/---

Lemma contact_gap z : a <= z <= b -> V z < phi z -> exists p q,
  [/\ a <= p, p < z, z < q & q <= b] /\
  [/\ V p = phi p, V q = phi q & forall x, p < x < q -> V x < phi x].
Proof.
ab_bounds => zI Vz; pose f x := phi x - V x.
have cf : contX f := contXB contX_phi contX_V.
have fa : f a <= 0.
  by rewrite /f phi_out ?lexx // (@V_out a) ?lexx //; lra.
have fb : f b <= 0.
  by rewrite /f phi_out ?lexx ?orbT // (@V_out b) ?lexx ?orbT //; lra.
have [az zb] : a <= z /\ z <= b by lra.
have [p [ap pz fp Hp]] := exists_last_nonpos cf a0 az (le_trans zb b1) fa.
have [q [zq qb fq Hq]] := exists_first_nonpos cf (le_trans a0 az) zb b1 fb.
have [Vp Vq] : V p = phi p /\ V q = phi q.
  by rewrite /f in fp fq; split; apply/eqP; rewrite eq_le V_le_phi /=; lra.
exists p, q; split; split => //; rewrite ?lt_neqAle ?pz ?zq ?andbT.
- by apply/eqP => E; move: fp; rewrite /f E; lra.
- by apply/eqP => E; move: fq; rewrite /f -E; lra.
- move=> x /andP[px xq]; rewrite -subr_gt0.
  by case: (leP x z) => xz; [apply: Hp | apply: Hq]; lra.
Qed.

(* On a gap (p, q) the envelope is a line of slope c, and the reflected supporting
   line of u at z has slope 2 s - c, squeezed between the slopes at p and q. *)
Lemma support_W_gap z : 0 < z < 1 -> a <= z <= b -> V z < phi z ->
  exists2 s, slo <= s <= shi & support_line W z s.
Proof.
ab_bounds => zi zI Vz.
have [p [q [[ap pz zq qb] [Vp Vq gap]]]] := contact_gap zI Vz.
have [p0 pq q1] : [/\ 0 <= p, p < q & q <= 1] by split; lra.
have Vline := vex_affine_on_gap u_minorant contX_phi contX_V p0 pq q1 gap.
rewrite -/V in Vline; set c := chord V p q in Vline.
have [s _ Hs] := convex_supported cu su zi.
have [pI qI] : a <= p <= b /\ a <= q <= b by split; lra.
have [tq /andP[_ tq2] [Wq Lq]] := support_W_contact qI Vq.
have [tp /andP[tp1 _] [Wp Lp]] := support_W_contact pI Vp.
have [z01 p01 q01] : [/\ 0 <= z <= 1, 0 <= p <= 1 & 0 <= q <= 1] by split; lra.
have [Vz' Vq'] := (Vline z ltac:(lra), Vline q ltac:(lra)).
have := Lq z z01; have := Lp z z01; have := Hs q q01; have := Hs p p01.
have := V_le_phi z01; rewrite (phi_in pI) in Vp; rewrite (phi_in qI) in Vq => h1 h2 h3 h4 h5.
have tq_ge : 2 * s - c <= tq.
  have : 0 <= (c + tq - 2 * s) * (q - z) by nra.
  by rewrite pmulr_lge0; lra.
have tp_le : tp <= 2 * s - c.
  have : 0 <= (2 * s - c - tp) * (z - p) by nra.
  by rewrite pmulr_lge0; lra.
exists (2 * s - c); first lra.
apply: (support_line_glue p0 pq q1 _ Wp Wq tp_le tq_ge) => w wI.
by rewrite /W; have := Vline w wI; have := Hs w ltac:(lra); lra.
Qed.

Lemma supported_W : supported_in slo shi W.
Proof.
move=> z /[dup] zi /andP[z0 z1].
have [za|az] := ltP z a; first exact: support_W_left.
have [bz|zb] := ltP b z; first exact: support_W_right.
have zI : a <= z <= b by apply/andP.
have z01 : 0 <= z <= 1 by lra.
have := V_le_phi z01; rewrite le_eqVlt => /orP[/eqP Vz|Vz].
  by have [tau ht [H _]] := support_W_contact zI Vz; exists tau.
exact: support_W_gap.
Qed.

Lemma tan_right_contact : exists p, [/\ a <= p, p <= b,
  (forall x, a <= x <= p -> u x = tan_right u a x) &
  (forall x, p < x <= b -> tan_right u a x < u x)].
Proof.
ab_bounds; pose f x := u x + (- dright u a * x + (dright u a * a - u a)).
have cf : contX f := contXD contu (contX_affine _ _).
have fa : f a <= 0 by rewrite /f; lra.
have [p [ap pb fp Hp]] := exists_last_nonpos cf a0 (ltW ab) b1 fa.
exists p; split => // x xI; last by have := Hp x xI; rewrite /f /tan_right; lra.
apply/eqP; rewrite eq_le tan_right_le ?andbT; last lra.
have -> : tan_right u a x = dright u a * x + (u a - dright u a * a) by rewrite /tan_right; ring.
by apply: (convex_le_line cu a0 _ _ (le_trans pb b1)); rewrite /f in fp; lra.
Qed.

Lemma tan_left_contact : exists q, [/\ a <= q, q <= b,
  (forall x, q <= x <= b -> u x = tan_left u b x) &
  (forall x, a <= x < q -> tan_left u b x < u x)].
Proof.
ab_bounds; pose f x := u x + (- dleft u b * x + (dleft u b * b - u b)).
have cf : contX f := contXD contu (contX_affine _ _).
have fb : f b <= 0 by rewrite /f; lra.
have [q [aq qb fq Hq]] := exists_first_nonpos cf a0 (ltW ab) b1 fb.
exists q; split => // x xI; last by have := Hq x xI; rewrite /f /tan_left; lra.
apply/eqP; rewrite eq_le tan_left_le ?andbT; last lra.
have -> : tan_left u b x = dleft u b * x + (u b - dleft u b * b) by rewrite /tan_left; ring.
rewrite /f in fq; apply: (convex_le_line cu (le_trans a0 aq) (_ : q <= x) (_ : x <= b) b1);
  lra.
Qed.

Lemma phi_off_gap p q : a <= p -> q <= b ->
  (forall x, a <= x <= p -> u x = tan_right u a x) ->
  (forall x, q <= x <= b -> u x = tan_left u b x) ->
  forall x, (x <= p) || (q <= x) -> phi x = u x.
Proof.
ab_bounds => ap qb Hp Hq x xo.
case: (boolP ((x <= a) || (b <= x))) => [/phi_out //|/norP[]]; rewrite -!ltNge => ax xb.
rewrite phi_in; last lra.
suff -> : tan_max x = u x by lra.
apply/eqP; rewrite eq_le tan_max_le /=; last lra.
case/orP: xo => h; rewrite /tan_max le_max.
  by rewrite -(Hp x) ?lexx //; lra.
by rewrite -(Hq x) ?lexx ?orbT //; lra.
Qed.

Lemma max3_of_V_eq_u : (forall x, 0 <= x <= 1 -> V x = u x) ->
  exists l0 l1 l2, forall x, a <= x <= b -> u x = max3 l0 l1 l2 x.
Proof.
ab_bounds => HV.
have [p [ap pb Hp Hp']] := tan_right_contact.
have [q [aq qb Hq Hq']] := tan_left_contact.
pose lr := (dright u a, u a - dright u a * a); pose ll := (dleft u b, u b - dleft u b * b).
have lrE x : line lr x = tan_right u a x by rewrite /line /tan_right /=; ring.
have llE x : line ll x = tan_left u b x by rewrite /line /tan_left /=; ring.
have lr_le x : 0 <= x <= 1 -> line lr x <= u x by rewrite lrE; exact: tan_right_le.
have ll_le x : 0 <= x <= 1 -> line ll x <= u x by rewrite llE; exact: tan_left_le.
have [qp|pq] := leP q p.
  exists lr, ll, ll => x xI; symmetry; apply: max3E; rewrite ?lr_le ?ll_le //; try lra.
  by case: (leP x p) => xp; [apply: Or31; rewrite lrE -Hp | apply: Or32; rewrite llE -Hq]; lra.
have gap x : p < x < q -> V x < phi x.
  move=> xI; rewrite HV ?phi_in; try lra.
  suff : tan_max x < u x by lra.
  by rewrite /tan_max gt_max Hp' ?Hq'; lra.
have Vline := vex_affine_on_gap u_minorant contX_phi contX_V (le_trans a0 ap) pq
  (le_trans qb b1) gap.
rewrite -/V in Vline; set c := chord V p q in Vline.
pose lc := (c, V p - c * p).
have lcE x : line lc x = V p + c * (x - p) by rewrite /line /=; ring.
exists lr, lc, ll => x xI; symmetry; apply: max3E; rewrite ?lr_le ?ll_le //; try lra.
- rewrite lcE -HV; last lra.
  case: (boolP ((x <= p) || (q <= x))) => [xo|/norP[]].
    apply: chord_le_convex xo; rewrite ?(le_trans a0 ap) ?(le_trans qb b1) //; last lra.
    exact: V_minorant.1.
  by rewrite -!ltNge => ? ?; rewrite (Vline x); lra.
- case: (leP x p) => xp; first by apply: Or31; rewrite lrE -Hp; lra.
  case: (leP q x) => qx; first by apply: Or33; rewrite llE -Hq; lra.
  by apply: Or32; rewrite lcE -HV ?(Vline x); lra.
Qed.

Lemma tan_right_max3 l0 l1 l2 : (forall x, a <= x <= b -> u x = max3 l0 l1 l2 x) ->
  exists2 l, l \in [:: l0; l1; l2] & forall x, tan_right u a x = line l x.
Proof.
ab_bounds => Hu; have ba : 0 < b - a by lra.
have [e e0 [l lI He]] := max3_near_right l0 l1 l2 a.
have [e' [e'0 e'e e'b]] := exists_pos_le2 e0 ba.
have uE x : a <= x <= a + e' -> u x = l.1 * x + l.2 by move=> xI; rewrite Hu ?He //; lra.
have ae1 : a + e' <= 1 by lra.
have da := dright_affine cu a0 e'0 ae1 uE.
by exists l => // x; rewrite /tan_right da /line uE ?lexx; [ring | lra].
Qed.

\---

Set down precisely the lines above between the line holding "by rewrite /tan_max gt_max Hp' ?Hq'; lra." and the line holding "Lemma tan_right_max3 l0", inclusive, and nothing beyond them.

  by rewrite /tan_max gt_max Hp' ?Hq'; lra.
have Vline := vex_affine_on_gap u_minorant contX_phi contX_V (le_trans a0 ap) pq
  (le_trans qb b1) gap.
rewrite -/V in Vline; set c := chord V p q in Vline.
pose lc := (c, V p - c * p).
have lcE x : line lc x = V p + c * (x - p) by rewrite /line /=; ring.
exists lr, lc, ll => x xI; symmetry; apply: max3E; rewrite ?lr_le ?ll_le //; try lra.
- rewrite lcE -HV; last lra.
  case: (boolP ((x <= p) || (q <= x))) => [xo|/norP[]].
    apply: chord_le_convex xo; rewrite ?(le_trans a0 ap) ?(le_trans qb b1) //; last lra.
    exact: V_minorant.1.
  by rewrite -!ltNge => ? ?; rewrite (Vline x); lra.
- case: (leP x p) => xp; first by apply: Or31; rewrite lrE -Hp; lra.
  case: (leP q x) => qx; first by apply: Or33; rewrite llE -Hq; lra.
  by apply: Or32; rewrite lcE -HV ?(Vline x); lra.
Qed.

Lemma tan_right_max3 l0 l1 l2 : (forall x, a <= x <= b -> u x = max3 l0 l1 l2 x) ->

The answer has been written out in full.